Stored data entries

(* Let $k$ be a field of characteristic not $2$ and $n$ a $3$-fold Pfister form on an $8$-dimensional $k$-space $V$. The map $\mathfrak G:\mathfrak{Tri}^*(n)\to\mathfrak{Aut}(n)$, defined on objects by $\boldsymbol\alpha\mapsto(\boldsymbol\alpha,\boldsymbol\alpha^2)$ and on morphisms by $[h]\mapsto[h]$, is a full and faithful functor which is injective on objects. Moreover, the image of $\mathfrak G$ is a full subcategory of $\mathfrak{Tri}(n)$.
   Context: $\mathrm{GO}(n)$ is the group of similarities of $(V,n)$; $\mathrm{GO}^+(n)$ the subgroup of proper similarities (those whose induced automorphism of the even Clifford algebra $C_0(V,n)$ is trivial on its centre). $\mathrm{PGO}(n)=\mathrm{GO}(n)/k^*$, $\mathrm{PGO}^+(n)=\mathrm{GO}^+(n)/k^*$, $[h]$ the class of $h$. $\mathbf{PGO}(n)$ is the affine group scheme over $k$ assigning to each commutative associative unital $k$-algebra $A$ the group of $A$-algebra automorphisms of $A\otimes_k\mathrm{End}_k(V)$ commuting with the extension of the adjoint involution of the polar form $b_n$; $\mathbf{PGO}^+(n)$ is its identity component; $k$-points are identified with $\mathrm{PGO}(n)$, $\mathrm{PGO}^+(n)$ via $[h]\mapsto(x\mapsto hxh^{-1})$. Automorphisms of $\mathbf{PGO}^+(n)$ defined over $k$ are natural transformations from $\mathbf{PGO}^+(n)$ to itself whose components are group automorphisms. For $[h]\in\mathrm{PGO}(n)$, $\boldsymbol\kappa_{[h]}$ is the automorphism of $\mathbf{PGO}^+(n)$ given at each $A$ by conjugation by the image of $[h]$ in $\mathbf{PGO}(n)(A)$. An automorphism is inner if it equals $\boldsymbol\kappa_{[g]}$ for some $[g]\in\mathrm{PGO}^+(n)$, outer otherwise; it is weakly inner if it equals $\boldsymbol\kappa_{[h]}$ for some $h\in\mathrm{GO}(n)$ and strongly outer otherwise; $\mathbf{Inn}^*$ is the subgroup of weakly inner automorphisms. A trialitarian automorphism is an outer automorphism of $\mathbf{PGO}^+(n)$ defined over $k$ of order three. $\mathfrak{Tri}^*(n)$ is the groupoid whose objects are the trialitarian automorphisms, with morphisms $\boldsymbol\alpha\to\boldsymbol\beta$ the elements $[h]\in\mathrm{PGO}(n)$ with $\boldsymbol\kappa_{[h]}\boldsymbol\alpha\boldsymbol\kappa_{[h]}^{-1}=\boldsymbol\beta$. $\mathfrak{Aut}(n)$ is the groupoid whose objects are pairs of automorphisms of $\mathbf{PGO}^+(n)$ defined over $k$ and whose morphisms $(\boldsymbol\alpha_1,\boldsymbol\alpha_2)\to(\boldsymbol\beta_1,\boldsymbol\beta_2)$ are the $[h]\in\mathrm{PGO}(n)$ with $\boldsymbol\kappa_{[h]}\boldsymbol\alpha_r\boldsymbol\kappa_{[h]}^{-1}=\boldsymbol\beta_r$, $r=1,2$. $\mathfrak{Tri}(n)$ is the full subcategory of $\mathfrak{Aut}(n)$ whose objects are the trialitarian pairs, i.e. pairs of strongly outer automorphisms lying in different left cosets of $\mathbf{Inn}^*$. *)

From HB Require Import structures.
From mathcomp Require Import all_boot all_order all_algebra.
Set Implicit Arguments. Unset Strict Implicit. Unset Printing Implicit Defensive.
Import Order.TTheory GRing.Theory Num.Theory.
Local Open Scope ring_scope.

* * *

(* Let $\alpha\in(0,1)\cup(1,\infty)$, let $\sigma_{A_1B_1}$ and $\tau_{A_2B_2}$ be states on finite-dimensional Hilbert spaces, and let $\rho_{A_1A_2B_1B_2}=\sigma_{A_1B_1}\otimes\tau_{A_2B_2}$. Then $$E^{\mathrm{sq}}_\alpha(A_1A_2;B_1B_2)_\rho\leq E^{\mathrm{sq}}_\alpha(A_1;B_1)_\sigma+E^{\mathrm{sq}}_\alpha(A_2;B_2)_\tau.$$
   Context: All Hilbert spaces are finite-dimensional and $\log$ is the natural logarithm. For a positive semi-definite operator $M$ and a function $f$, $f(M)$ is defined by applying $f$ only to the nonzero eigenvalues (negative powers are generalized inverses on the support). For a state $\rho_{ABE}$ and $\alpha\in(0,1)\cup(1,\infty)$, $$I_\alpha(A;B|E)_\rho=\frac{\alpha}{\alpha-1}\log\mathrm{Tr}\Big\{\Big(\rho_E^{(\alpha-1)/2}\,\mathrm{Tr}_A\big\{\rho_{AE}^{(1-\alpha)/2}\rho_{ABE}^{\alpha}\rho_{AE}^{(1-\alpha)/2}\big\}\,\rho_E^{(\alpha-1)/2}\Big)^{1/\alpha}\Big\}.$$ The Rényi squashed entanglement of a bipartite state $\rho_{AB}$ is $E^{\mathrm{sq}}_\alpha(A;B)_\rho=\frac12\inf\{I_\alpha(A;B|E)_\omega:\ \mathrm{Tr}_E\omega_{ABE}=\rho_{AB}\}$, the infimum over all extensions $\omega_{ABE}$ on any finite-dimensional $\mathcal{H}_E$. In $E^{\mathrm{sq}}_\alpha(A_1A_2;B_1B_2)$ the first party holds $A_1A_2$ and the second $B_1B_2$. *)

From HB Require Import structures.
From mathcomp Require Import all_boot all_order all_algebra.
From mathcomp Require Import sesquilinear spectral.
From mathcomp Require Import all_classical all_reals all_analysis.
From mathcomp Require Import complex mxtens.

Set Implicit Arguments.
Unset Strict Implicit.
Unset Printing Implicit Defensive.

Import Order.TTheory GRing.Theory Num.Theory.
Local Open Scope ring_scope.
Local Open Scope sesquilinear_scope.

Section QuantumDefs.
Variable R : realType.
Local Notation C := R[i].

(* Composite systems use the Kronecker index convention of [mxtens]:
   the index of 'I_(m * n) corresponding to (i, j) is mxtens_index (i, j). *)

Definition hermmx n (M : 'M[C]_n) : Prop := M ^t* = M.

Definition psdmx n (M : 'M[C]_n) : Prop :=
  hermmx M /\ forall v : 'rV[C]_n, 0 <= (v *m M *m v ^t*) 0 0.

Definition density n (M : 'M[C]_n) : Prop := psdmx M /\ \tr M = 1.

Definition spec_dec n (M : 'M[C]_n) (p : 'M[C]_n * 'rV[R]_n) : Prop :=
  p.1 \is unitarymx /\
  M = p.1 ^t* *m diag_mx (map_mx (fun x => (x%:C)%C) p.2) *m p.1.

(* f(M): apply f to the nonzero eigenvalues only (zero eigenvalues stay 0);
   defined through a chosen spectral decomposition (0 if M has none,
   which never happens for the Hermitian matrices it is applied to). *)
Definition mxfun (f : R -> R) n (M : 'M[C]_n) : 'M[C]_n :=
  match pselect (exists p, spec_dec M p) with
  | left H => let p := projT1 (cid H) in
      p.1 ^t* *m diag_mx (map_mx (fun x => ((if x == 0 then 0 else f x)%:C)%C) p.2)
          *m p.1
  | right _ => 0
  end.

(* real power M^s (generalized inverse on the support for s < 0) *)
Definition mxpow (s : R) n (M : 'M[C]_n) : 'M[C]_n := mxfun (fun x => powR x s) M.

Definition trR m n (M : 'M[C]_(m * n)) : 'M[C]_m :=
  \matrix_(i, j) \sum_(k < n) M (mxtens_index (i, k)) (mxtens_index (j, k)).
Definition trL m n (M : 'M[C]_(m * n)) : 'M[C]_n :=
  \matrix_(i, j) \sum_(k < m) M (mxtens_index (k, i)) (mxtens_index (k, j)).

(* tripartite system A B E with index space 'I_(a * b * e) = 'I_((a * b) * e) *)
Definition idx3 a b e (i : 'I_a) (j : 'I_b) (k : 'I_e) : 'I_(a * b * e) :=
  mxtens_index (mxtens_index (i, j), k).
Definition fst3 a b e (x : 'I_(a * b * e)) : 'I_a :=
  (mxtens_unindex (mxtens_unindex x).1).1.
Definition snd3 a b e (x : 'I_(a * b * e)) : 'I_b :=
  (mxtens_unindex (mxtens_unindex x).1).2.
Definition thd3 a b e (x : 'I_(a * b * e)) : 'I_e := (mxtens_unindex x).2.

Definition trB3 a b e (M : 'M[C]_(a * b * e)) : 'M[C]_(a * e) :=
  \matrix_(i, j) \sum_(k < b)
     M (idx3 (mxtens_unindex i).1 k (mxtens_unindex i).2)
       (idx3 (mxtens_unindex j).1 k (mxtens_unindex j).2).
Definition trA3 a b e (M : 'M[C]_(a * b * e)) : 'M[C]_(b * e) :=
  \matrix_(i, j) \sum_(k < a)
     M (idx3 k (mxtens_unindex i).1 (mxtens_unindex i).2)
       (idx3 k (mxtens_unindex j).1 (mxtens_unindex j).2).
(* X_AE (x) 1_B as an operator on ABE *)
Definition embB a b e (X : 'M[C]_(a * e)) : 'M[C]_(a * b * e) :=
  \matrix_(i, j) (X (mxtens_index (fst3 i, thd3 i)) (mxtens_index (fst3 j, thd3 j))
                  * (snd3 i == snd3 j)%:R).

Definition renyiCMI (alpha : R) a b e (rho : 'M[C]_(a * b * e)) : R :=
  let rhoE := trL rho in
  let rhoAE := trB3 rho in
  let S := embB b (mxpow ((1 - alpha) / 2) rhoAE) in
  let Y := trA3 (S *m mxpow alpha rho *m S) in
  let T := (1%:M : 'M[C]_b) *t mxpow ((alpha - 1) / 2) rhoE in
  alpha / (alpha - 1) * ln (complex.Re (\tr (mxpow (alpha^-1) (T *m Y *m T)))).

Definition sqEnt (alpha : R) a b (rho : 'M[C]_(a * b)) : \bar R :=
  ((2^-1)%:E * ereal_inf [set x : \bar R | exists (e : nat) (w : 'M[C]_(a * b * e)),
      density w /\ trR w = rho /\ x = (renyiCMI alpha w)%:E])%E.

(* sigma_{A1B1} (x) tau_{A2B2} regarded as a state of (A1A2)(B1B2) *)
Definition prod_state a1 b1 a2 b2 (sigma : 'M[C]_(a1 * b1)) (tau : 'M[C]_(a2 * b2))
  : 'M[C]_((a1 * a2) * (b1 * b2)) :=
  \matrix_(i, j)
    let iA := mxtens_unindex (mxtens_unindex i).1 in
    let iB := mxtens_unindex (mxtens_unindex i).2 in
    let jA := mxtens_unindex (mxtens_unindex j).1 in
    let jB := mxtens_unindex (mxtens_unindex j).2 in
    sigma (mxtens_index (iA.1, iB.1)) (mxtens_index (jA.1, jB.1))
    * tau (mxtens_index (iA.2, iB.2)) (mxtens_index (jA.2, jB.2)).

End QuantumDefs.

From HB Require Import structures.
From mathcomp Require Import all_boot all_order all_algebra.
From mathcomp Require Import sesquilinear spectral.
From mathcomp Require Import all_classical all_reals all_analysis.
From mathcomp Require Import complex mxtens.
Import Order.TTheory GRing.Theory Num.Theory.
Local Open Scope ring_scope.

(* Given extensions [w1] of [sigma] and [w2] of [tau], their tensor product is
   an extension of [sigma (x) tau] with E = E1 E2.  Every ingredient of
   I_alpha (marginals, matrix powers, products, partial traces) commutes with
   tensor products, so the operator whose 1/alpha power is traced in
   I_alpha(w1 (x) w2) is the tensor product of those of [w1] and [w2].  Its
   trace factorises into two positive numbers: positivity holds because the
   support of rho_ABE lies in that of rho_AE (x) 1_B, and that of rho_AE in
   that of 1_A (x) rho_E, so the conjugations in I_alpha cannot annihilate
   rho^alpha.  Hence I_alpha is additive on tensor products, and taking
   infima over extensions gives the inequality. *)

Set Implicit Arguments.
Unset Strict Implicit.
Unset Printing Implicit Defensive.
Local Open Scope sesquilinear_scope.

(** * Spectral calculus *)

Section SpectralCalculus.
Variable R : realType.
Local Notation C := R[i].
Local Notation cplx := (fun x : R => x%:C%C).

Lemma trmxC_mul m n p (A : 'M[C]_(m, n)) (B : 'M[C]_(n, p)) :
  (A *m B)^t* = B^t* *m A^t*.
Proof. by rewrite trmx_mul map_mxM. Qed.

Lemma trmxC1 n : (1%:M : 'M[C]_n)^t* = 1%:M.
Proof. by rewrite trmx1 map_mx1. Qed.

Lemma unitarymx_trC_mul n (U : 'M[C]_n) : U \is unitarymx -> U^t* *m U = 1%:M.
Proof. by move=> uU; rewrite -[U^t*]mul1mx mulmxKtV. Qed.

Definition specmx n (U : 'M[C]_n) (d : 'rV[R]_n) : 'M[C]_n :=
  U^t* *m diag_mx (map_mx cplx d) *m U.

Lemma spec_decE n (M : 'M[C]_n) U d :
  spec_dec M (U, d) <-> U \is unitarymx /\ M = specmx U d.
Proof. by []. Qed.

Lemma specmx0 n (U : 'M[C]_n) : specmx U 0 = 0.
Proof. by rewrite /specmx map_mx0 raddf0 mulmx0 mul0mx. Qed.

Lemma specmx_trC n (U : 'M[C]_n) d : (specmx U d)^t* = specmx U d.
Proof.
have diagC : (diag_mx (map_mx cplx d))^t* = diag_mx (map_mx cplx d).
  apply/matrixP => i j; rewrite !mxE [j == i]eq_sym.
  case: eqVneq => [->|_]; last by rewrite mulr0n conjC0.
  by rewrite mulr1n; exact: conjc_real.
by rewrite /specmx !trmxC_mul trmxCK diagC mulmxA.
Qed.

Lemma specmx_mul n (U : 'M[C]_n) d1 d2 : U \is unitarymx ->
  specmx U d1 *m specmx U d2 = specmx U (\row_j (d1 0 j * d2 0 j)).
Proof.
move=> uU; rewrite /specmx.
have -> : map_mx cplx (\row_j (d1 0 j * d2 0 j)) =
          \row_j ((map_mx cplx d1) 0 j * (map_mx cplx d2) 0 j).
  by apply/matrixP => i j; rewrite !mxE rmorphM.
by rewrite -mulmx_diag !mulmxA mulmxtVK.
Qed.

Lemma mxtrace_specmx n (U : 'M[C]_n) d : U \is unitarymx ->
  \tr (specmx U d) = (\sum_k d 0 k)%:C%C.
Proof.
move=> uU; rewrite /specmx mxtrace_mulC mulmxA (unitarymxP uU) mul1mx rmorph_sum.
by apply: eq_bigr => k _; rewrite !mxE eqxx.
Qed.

# TRY IT
Return every line in the records that includes the string "hermmx".

# WRITTEN SOLUTION
Definition hermmx n (M : 'M[C]_n) : Prop := M ^t* = M.
  hermmx M /\ forall v : 'rV[C]_n, 0 <= (v *m M *m v ^t*) 0 0.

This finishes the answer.